(* Let $\mathcal{D}$ be an $S(2,k,v)$ on element set $V$ and $G_1=1$-$\mathrm{BIG}(\mathcal{D})$. (a) If $\mathcal{D}$ has a parallel class, then $\alpha(G_1)=v/k$, and for every $\alpha$-set $I$ of $G_1$, every vertex of $V(G_1)\setminus I$ is adjacent to exactly $k$ vertices of $I$; in particular $|X_1|=\dots=|X_{k-1}|=0$ and $|X_k|=\frac{v(v-k)}{k(k-1)}$. (b) If $\mathcal{D}$ has a near parallel class, then $\alpha(G_1)=(v-1)/k$, and for every $\alpha$-set $I$, every vertex of $V(G_1)\setminus I$ is adjacent to either $k-1$ or $k$ vertices of $I$, with $|X_1|=\dots=|X_{k-2}|=0$, $|X_{k-1}|=\frac{v-1}{k-1}$ and $|X_k|=\frac{(v-1)(v-2k+1)}{k(k-1)}$.
   Context: A Steiner $2$-design $S(2,k,v)$ ($2<k<v$) is a pair $(V,\mathcal{B})$ with $|V|=v$ and $\mathcal{B}$ a collection of $k$-subsets of $V$ (blocks) such that every $2$-subset of $V$ lies in exactly one block. A partial parallel class is a set of pairwise disjoint blocks; a parallel class is a set of blocks partitioning $V$; a near parallel class is a partial parallel class whose union is $V$ minus a single element. The $1$-block intersection graph $1$-$\mathrm{BIG}(\mathcal{D})$ has the blocks as vertices, two blocks adjacent iff they intersect in exactly one element. $\alpha(G)$ is the independence number and an $\alpha$-set is a maximum independent set. For an $\alpha$-set $I$ of a graph $G$ and $i\ge1$, $X_i$ is the set of vertices $u\in V(G)\setminus I$ adjacent to exactly $i$ vertices of $I$. *)

From mathcomp Require Import all_boot.
Set Implicit Arguments. Unset Strict Implicit. Unset Printing Implicit Defensive.

Section Design.
Variable V : finType.

Definition steiner2 (k : nat) (B : {set {set V}}) : Prop :=
  [/\ 2 < k, k < #|V|,
      (forall b, b \in B -> #|b| = k) &
      (forall x y : V, x != y -> #|[set b in B | (x \in b) && (y \in b)]| = 1)].

Definition partial_parallel_class (B P : {set {set V}}) : Prop :=
  P \subset B /\
  (forall b1 b2, b1 \in P -> b2 \in P -> b1 != b2 -> [disjoint b1 & b2]).

Definition parallel_class (B P : {set {set V}}) : Prop :=
  partial_parallel_class B P /\ cover P = [set: V].

Definition near_parallel_class (B P : {set {set V}}) : Prop :=
  partial_parallel_class B P /\ exists x : V, cover P = [set: V] :\ x.

(* adjacency in the 1-block intersection graph 1-BIG(D) on vertex set B *)
Definition big1_adj (b1 b2 : {set V}) : bool := #|b1 :&: b2| == 1.

Definition big1_independent (B I : {set {set V}}) : bool :=
  (I \subset B) &&
  [forall b1 in I, forall b2 in I, (b1 != b2) ==> ~~ big1_adj b1 b2].

Definition big1_alpha (B : {set {set V}}) : nat :=
  \max_(I : {set {set V}} | big1_independent B I) #|I|.

Definition big1_alpha_set (B I : {set {set V}}) : Prop :=
  big1_independent B I /\ #|I| = big1_alpha B.

Definition nbI (I : {set {set V}}) (u : {set V}) : nat :=
  #|[set b in I | big1_adj u b]|.

Definition Xset (B I : {set {set V}}) (i : nat) : {set {set V}} :=
  [set u in B :\: I | nbI I u == i].

End Design.

From mathcomp Require Import all_boot zify.
Set Implicit Arguments. Unset Strict Implicit. Unset Printing Implicit Defensive.

(* Two distinct blocks share at most one point, so an independent set I of
   1-BIG is a partial parallel class, and a block u outside I is adjacent to
   exactly one member of I for each point of u covered by I.  Comparing
   k * alpha with v shows that an alpha-set covers every point (parallel
   case) or every point but one, z (near parallel case).  Hence each block
   outside I has k neighbours in I, except the r = (v - 1)/(k - 1) blocks
   through z, which have k - 1; the sizes of the X_i then follow from the
   block count b k (k - 1) = v (v - 1). *)

Lemma card_set_sum (T : finType) (p q : pred T) :
  #|[set a | p a && q a]| = \sum_(a | p a) q a.
Proof. by rewrite -big_mkcondr -sum1_card; apply: eq_bigl => a; rewrite inE. Qed.

Lemma card_setI_sum (T : finType) (A C : {set T}) :
  #|A :&: C| = \sum_(x in A) (x \in C).
Proof. by rewrite -card_set_sum; apply: eq_card => x; rewrite !inE. Qed.

Section OneBlockIntersectionGraph.
Variables (V : finType) (k : nat) (B : {set {set V}}).
Hypothesis HS : steiner2 k B.

Lemma steiner2_k_gt2 : 2 < k.
Proof. by case: HS. Qed.

Lemma card_block b : b \in B -> #|b| = k.
Proof. by case: HS => _ _ Hk _; apply: Hk. Qed.

Lemma card_blocks_through_pair x y :
  x != y -> #|[set b in B | (x \in b) && (y \in b)]| = 1.
Proof. by case: HS => _ _ _; apply. Qed.

Lemma card_setI_blocks_le1 b1 b2 :
  b1 \in B -> b2 \in B -> b1 != b2 -> #|b1 :&: b2| <= 1.
Proof.
move=> b1B b2B b12; rewrite leqNgt; apply/card_gt1P => -[x [y []]].
rewrite !inE => /andP[xb1 xb2] /andP[yb1 yb2] xy.
have : [set b1; b2] \subset [set b in B | (x \in b) && (y \in b)].
  by apply/subsetP => b; rewrite !inE => /orP[]/eqP->; apply/and3P.
by move/subset_leq_card; rewrite cards2 b12 card_blocks_through_pair.
Qed.

Lemma big1_independent_sub I : big1_independent B I -> I \subset B.
Proof. by case/andP. Qed.

Lemma big1_independent_disjoint I : big1_independent B I ->
  {in I &, forall b1 b2 : {set V}, b1 != b2 -> [disjoint b1 & b2]}.
Proof.
move=> HI b1 b2 b1I b2I b12; have /subsetP sIB := big1_independent_sub HI.
case/andP: HI => _ /forall_inP/(_ _ b1I)/forall_inP/(_ _ b2I).
rewrite b12 /= /big1_adj -setI_eq0 -cards_eq0 => /negbTE nadj.
have := card_setI_blocks_le1 (sIB _ b1I) (sIB _ b2I) b12.
by rewrite leq_eqVlt nadj ltnS leqn0.
Qed.

Lemma partial_parallel_class_independent P :
  partial_parallel_class B P -> big1_independent B P.
Proof.
case=> sPB dP; apply/andP; split=> //.
apply/forall_inP => b1 b1P; apply/forall_inP => b2 b2P; apply/implyP => b12.
by have := dP _ _ b1P b2P b12; rewrite -setI_eq0 /big1_adj => /eqP->; rewrite cards0.
Qed.

Lemma card_cover_independent I : big1_independent B I -> #|cover I| = #|I| * k.
Proof.
move=> HI; have /trivIsetP/eqP <- := big1_independent_disjoint HI.
rewrite -sum_nat_const; apply: eq_bigr => b bI.
exact/card_block/(subsetP (big1_independent_sub HI)).
Qed.

Lemma leq_card_big1_alpha I : big1_independent B I -> #|I| <= big1_alpha B.
Proof. exact: (@leq_bigmax_cond _ (big1_independent B) (fun J => #|J|)). Qed.

Lemma big1_alpha_ub : k * big1_alpha B <= #|V|.
Proof.
have k_gt0 : 0 < k by have := steiner2_k_gt2; lia.
rewrite mulnC -leq_divRL //; apply/bigmax_leqP => I HI.
by rewrite leq_divRL // -card_cover_independent // max_card.
Qed.

Lemma card_cover_independent_alpha I :
  big1_alpha_set B I -> #|cover I| = k * big1_alpha B.
Proof. by case=> HI <-; rewrite card_cover_independent // mulnC. Qed.

Lemma sum_mem_independent I x : big1_independent B I ->
  \sum_(b in I) (x \in b) = (x \in cover I).
Proof.
move=> HI; have [/bigcupP[b0 b0I xb0]|xnI] := boolP (x \in cover I).
  rewrite (bigD1 b0) //= xb0 big1 // => b /andP[bI bb0].
  apply/eqP; rewrite eqb0; apply: contraTN xb0 => xb.
  by have /disjointFr-> := big1_independent_disjoint HI bI b0I bb0.
rewrite big1 // => b bI; apply/eqP; rewrite eqb0.
by apply: contraNN xnI => xb; apply/bigcupP; exists b.
Qed.

Lemma nbI_card_cover I u : big1_independent B I -> u \in B :\: I ->
  nbI I u = #|u :&: cover I|.
Proof.
move=> HI; rewrite inE => /andP[uI uB].
rewrite card_setI_sum.
under eq_bigr => x _ do rewrite -(sum_mem_independent x HI).
rewrite exchange_big /nbI card_set_sum; apply: eq_bigr => b bI.
rewrite -card_setI_sum /big1_adj.
have ub : u != b by apply: contraNneq uI => ->.
have := card_setI_blocks_le1 uB (subsetP (big1_independent_sub HI) _ bI) ub.
by case: #|_| => [|[|]].
Qed.

Lemma card_blocks_through x : #|[set b in B | x \in b]| * (k - 1) = #|V| - 1.
Proof.
rewrite [RHS]subn1 -(cardsC1 x) -[RHS]sum1_card.
transitivity (\sum_(y in [set~ x]) #|[set b in B | (x \in b) && (y \in b)]|); last first.
  by apply: eq_bigr => y; rewrite !inE eq_sym => /card_blocks_through_pair.
under [RHS]eq_bigr => y _.
  rewrite (_ : [set b in B | _] = [set b | ((b \in B) && (x \in b)) && (y \in b)]).
    by rewrite card_set_sum; over.
  by apply/setP => b; rewrite !inE andbA.
rewrite exchange_big /= -sum_nat_const; apply: eq_big => [b|b]; first by rewrite inE.
rewrite inE => /andP[bB xb]; rewrite -card_setI_sum setIC -setDE.
by rewrite -(card_block bB) (cardsD1 x b) xb add1n subn1.
Qed.

Lemma card_blocks : #|B| * (k * (k - 1)) = #|V| * (#|V| - 1).
Proof.
rewrite -sum_nat_const (eq_bigr (fun b => #|[set: V] :&: b| * (k - 1))); last first.
  by move=> b bB; rewrite setTI card_block.
rewrite -big_distrl /=.
under eq_bigr => b _ do rewrite card_setI_sum.
rewrite exchange_big /= big_distrl /= -sum_nat_const.
apply: eq_big => [x|x _]; first by rewrite inE.
by rewrite -(card_blocks_through x) (card_set_sum (mem B)).
Qed.

Lemma card_setD_alpha_set I : big1_alpha_set B I -> #|B :\: I| = #|B| - big1_alpha B.
Proof. by case=> /big1_independent_sub sIB <-; rewrite cardsD (setIidPr sIB). Qed.

Lemma Xset_eq0 I i : (forall u, u \in B :\: I -> nbI I u != i) -> Xset B I i = set0.
Proof.
move=> Hi; apply/setP => u; rewrite in_set0 inE.
by apply/negbTE/andP => -[/Hi/negP].
Qed.

Lemma big1_alpha_parallel_class :
  (exists P, parallel_class B P) -> k * big1_alpha B = #|V|.
Proof.
case=> P [/partial_parallel_class_independent HP covP].
apply/eqP; rewrite eqn_leq big1_alpha_ub -cardsT -covP.
by rewrite card_cover_independent // mulnC leq_mul2l leq_card_big1_alpha ?orbT.
Qed.

Lemma big1_alpha_near_parallel_class :
  (exists P, near_parallel_class B P) -> k * big1_alpha B = #|V| - 1.
Proof.
case=> P [/partial_parallel_class_independent HP [x covP]].
have cardP : #|P| * k = #|V| - 1.
  by rewrite -card_cover_independent // covP setTD cardsC1 subn1.
have := leq_card_big1_alpha HP; rewrite leq_eqVlt => /orP[/eqP <-|ltPa].
  by rewrite mulnC.
have := big1_alpha_ub; have := steiner2_k_gt2.
have : k * #|P|.+1 <= k * big1_alpha B by rewrite leq_mul2l ltPa orbT.
rewrite mulnS mulnC cardP; lia.
Qed.

Lemma cover_alpha_set_parallel_class I : (exists P, parallel_class B P) ->
  big1_alpha_set B I -> cover I = [set: V].
Proof.
move=> /big1_alpha_parallel_class aeq HI.
by apply/eqP; rewrite eqEcard subsetT cardsT (card_cover_independent_alpha HI) aeq leqnn.
Qed.

Lemma cover_alpha_set_near_parallel_class I : (exists P, near_parallel_class B P) ->
  big1_alpha_set B I -> exists z, cover I = [set~ z].
Proof.
move=> /big1_alpha_near_parallel_class aeq HI.
have v_gt0 : 0 < #|V| by case: HS => _ kv _ _; lia.
have /cards1P[z covI] : #|~: cover I| == 1.
  by apply/eqP; have := cardsC (cover I); rewrite (card_cover_independent_alpha HI) aeq; lia.
by exists z; rewrite -covI setCK.
Qed.

Section ParallelClass.
Variable I : {set {set V}}.
Hypotheses (HI : big1_alpha_set B I) (covI : cover I = [set: V]).

Lemma nbI_cover_setT u : u \in B :\: I -> nbI I u = k.
Proof.
move=> uBI; have uB : u \in B by case/setDP: uBI.
by rewrite nbI_card_cover ?covI ?setIT ?card_block //; case: HI.
Qed.

Lemma Xset_cover_setT : Xset B I k = B :\: I.
Proof. by apply/setP => u; rewrite inE andb_idr // => /nbI_cover_setT->. Qed.

Lemma Xset_cover_setT_eq0 i : i != k -> Xset B I i = set0.
Proof. by move=> ik; apply: Xset_eq0 => u /nbI_cover_setT->; rewrite eq_sym. Qed.

Lemma card_Xset_cover_setT : #|Xset B I k| * (k * (k - 1)) = #|V| * (#|V| - k).
Proof.
have aeq : k * big1_alpha B = #|V|.
  by rewrite -(card_cover_independent_alpha HI) covI cardsT.
rewrite Xset_cover_setT card_setD_alpha_set // mulnBl card_blocks.
rewrite mulnA [_ * k]mulnC aeq -mulnBr; congr (_ * _).
by have := steiner2_k_gt2; lia.
Qed.

End ParallelClass.

Section NearParallelClass.
Variables (I : {set {set V}}) (z : V).
Hypotheses (HI : big1_alpha_set B I) (covI : cover I = [set~ z]).

Lemma block_through_uncovered b : b \in B -> z \in b -> b \in B :\: I.
Proof.
move=> bB zb; rewrite inE bB andbT; apply/negP => bI.
have : z \in cover I by apply/bigcupP; exists b.
by rewrite covI !inE eqxx.
Qed.

Lemma nbI_cover_setC1 u : u \in B :\: I -> nbI I u = k - (z \in u).
Proof.
move=> uBI; have uB : u \in B by case/setDP: uBI.
rewrite nbI_card_cover //; last by case: HI.
by rewrite covI -setDE -(card_block uB) (cardsD1 z u) addKn.
Qed.

Lemma Xset_cover_setC1_pred : Xset B I (k - 1) = [set b in B | z \in b].
Proof.
apply/setP => u; rewrite inE [RHS]inE.
apply/andP/andP => [[uBI]|[uB zu]]; last first.
  by have uBI := block_through_uncovered uB zu; rewrite nbI_cover_setC1 ?zu.
rewrite nbI_cover_setC1 //; case: (z \in u) => [_|]; first by case/setDP: uBI.
by rewrite subn0 => /eqP; have := steiner2_k_gt2; lia.
Qed.

Lemma Xset_cover_setC1 : Xset B I k = (B :\: I) :\: [set b in B | z \in b].
Proof.
apply/setP => u; rewrite inE [RHS]inE [RHS]andbC; case uBI: (u \in B :\: I) => //=.
have uB : u \in B by case/setDP: uBI.
rewrite nbI_cover_setC1 // inE uB; case: (z \in u); last by rewrite subn0 eqxx.
by apply/negbTE/eqP; have := steiner2_k_gt2; lia.
Qed.

Lemma Xset_cover_setC1_eq0 i : i != k - 1 -> i != k -> Xset B I i = set0.
Proof.
move=> ik1 ik; apply: Xset_eq0 => u /nbI_cover_setC1->.
by case: (z \in u); rewrite ?subn0 eq_sym.
Qed.

Lemma card_Xset_cover_setC1 :
  #|Xset B I k| * (k * (k - 1)) = (#|V| - 1) * (#|V| + 1 - 2 * k).
Proof.
have aeq : k * big1_alpha B = #|V| - 1.
  by rewrite -(card_cover_independent_alpha HI) covI cardsC1 subn1.
have sub : [set b in B | z \in b] \subset B :\: I.
  by apply/subsetP => b; rewrite inE => /andP[]; apply: block_through_uncovered.
rewrite Xset_cover_setC1 cardsD (setIidPr sub) card_setD_alpha_set //.
rewrite [LHS]mulnBl [in LHS]mulnBl card_blocks mulnA [_ * k]mulnC aeq.
rewrite mulnCA card_blocks_through (mulnC #|V|) (mulnC k) -!mulnBr; congr (_ * _).
by have := steiner2_k_gt2; lia.
Qed.

End NearParallelClass.

End OneBlockIntersectionGraph.

Theorem mainTheorem5 (V : finType) (k : nat) (B : {set {set V}}) :
  steiner2 k B ->
  ((exists P, parallel_class B P) ->
     k * big1_alpha B = #|V| /\
     (forall I, big1_alpha_set B I ->
        [/\ (forall u, u \in B :\: I -> nbI I u = k),
            (forall i, (1 <= i <= k - 1) -> #|Xset B I i| = 0) &
            #|Xset B I k| * (k * (k - 1)) = #|V| * (#|V| - k)])) /\
  ((exists P, near_parallel_class B P) ->
     k * big1_alpha B = #|V| - 1 /\
     (forall I, big1_alpha_set B I ->
        [/\ (forall u, u \in B :\: I -> nbI I u = k - 1 \/ nbI I u = k),
            (forall i, (1 <= i <= k - 2) -> #|Xset B I i| = 0),
            #|Xset B I (k - 1)| * (k - 1) = #|V| - 1 &
            #|Xset B I k| * (k * (k - 1)) = (#|V| - 1) * (#|V| + 1 - 2 * k)])).
Proof.
move=> HS; have k_gt2 := steiner2_k_gt2 HS; split=> HP.
- split=> [|I HI]; first exact: big1_alpha_parallel_class HP.
  have covI := cover_alpha_set_parallel_class HS HP HI.
  split.
  + exact (nbI_cover_setT HS HI covI).
  + by move=> i /andP[_ ik]; rewrite (Xset_cover_setT_eq0 HS HI covI) ?cards0 //; lia.
  + exact (card_Xset_cover_setT HS HI covI).
- split=> [|I HI]; first exact: big1_alpha_near_parallel_class HP.
  have [z covI] := cover_alpha_set_near_parallel_class HS HP HI.
  split.
  + move=> u /(nbI_cover_setC1 HS HI covI)->.
    by case: (z \in u); [left | right; rewrite subn0].
  + by move=> i /andP[_ ik]; rewrite (Xset_cover_setC1_eq0 HS HI covI) ?cards0 //; lia.
  + by rewrite (Xset_cover_setC1_pred HS HI covI) card_blocks_through.
  + exact (card_Xset_cover_setC1 HS HI covI).
Qed.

§ **Task instructions**
Transcribe the material exactly, stopping after the "Definition steiner2 (k" line.

§ **Exercise output**
(* Let $\mathcal{D}$ be an $S(2,k,v)$ on element set $V$ and $G_1=1$-$\mathrm{BIG}(\mathcal{D})$. (a) If $\mathcal{D}$ has a parallel class, then $\alpha(G_1)=v/k$, and for every $\alpha$-set $I$ of $G_1$, every vertex of $V(G_1)\setminus I$ is adjacent to exactly $k$ vertices of $I$; in particular $|X_1|=\dots=|X_{k-1}|=0$ and $|X_k|=\frac{v(v-k)}{k(k-1)}$. (b) If $\mathcal{D}$ has a near parallel class, then $\alpha(G_1)=(v-1)/k$, and for every $\alpha$-set $I$, every vertex of $V(G_1)\setminus I$ is adjacent to either $k-1$ or $k$ vertices of $I$, with $|X_1|=\dots=|X_{k-2}|=0$, $|X_{k-1}|=\frac{v-1}{k-1}$ and $|X_k|=\frac{(v-1)(v-2k+1)}{k(k-1)}$.
   Context: A Steiner $2$-design $S(2,k,v)$ ($2<k<v$) is a pair $(V,\mathcal{B})$ with $|V|=v$ and $\mathcal{B}$ a collection of $k$-subsets of $V$ (blocks) such that every $2$-subset of $V$ lies in exactly one block. A partial parallel class is a set of pairwise disjoint blocks; a parallel class is a set of blocks partitioning $V$; a near parallel class is a partial parallel class whose union is $V$ minus a single element. The $1$-block intersection graph $1$-$\mathrm{BIG}(\mathcal{D})$ has the blocks as vertices, two blocks adjacent iff they intersect in exactly one element. $\alpha(G)$ is the independence number and an $\alpha$-set is a maximum independent set. For an $\alpha$-set $I$ of a graph $G$ and $i\ge1$, $X_i$ is the set of vertices $u\in V(G)\setminus I$ adjacent to exactly $i$ vertices of $I$. *)

From mathcomp Require Import all_boot.
Set Implicit Arguments. Unset Strict Implicit. Unset Printing Implicit Defensive.

Section Design.
Variable V : finType.

Definition steiner2 (k : nat) (B : {set {set V}}) : Prop :=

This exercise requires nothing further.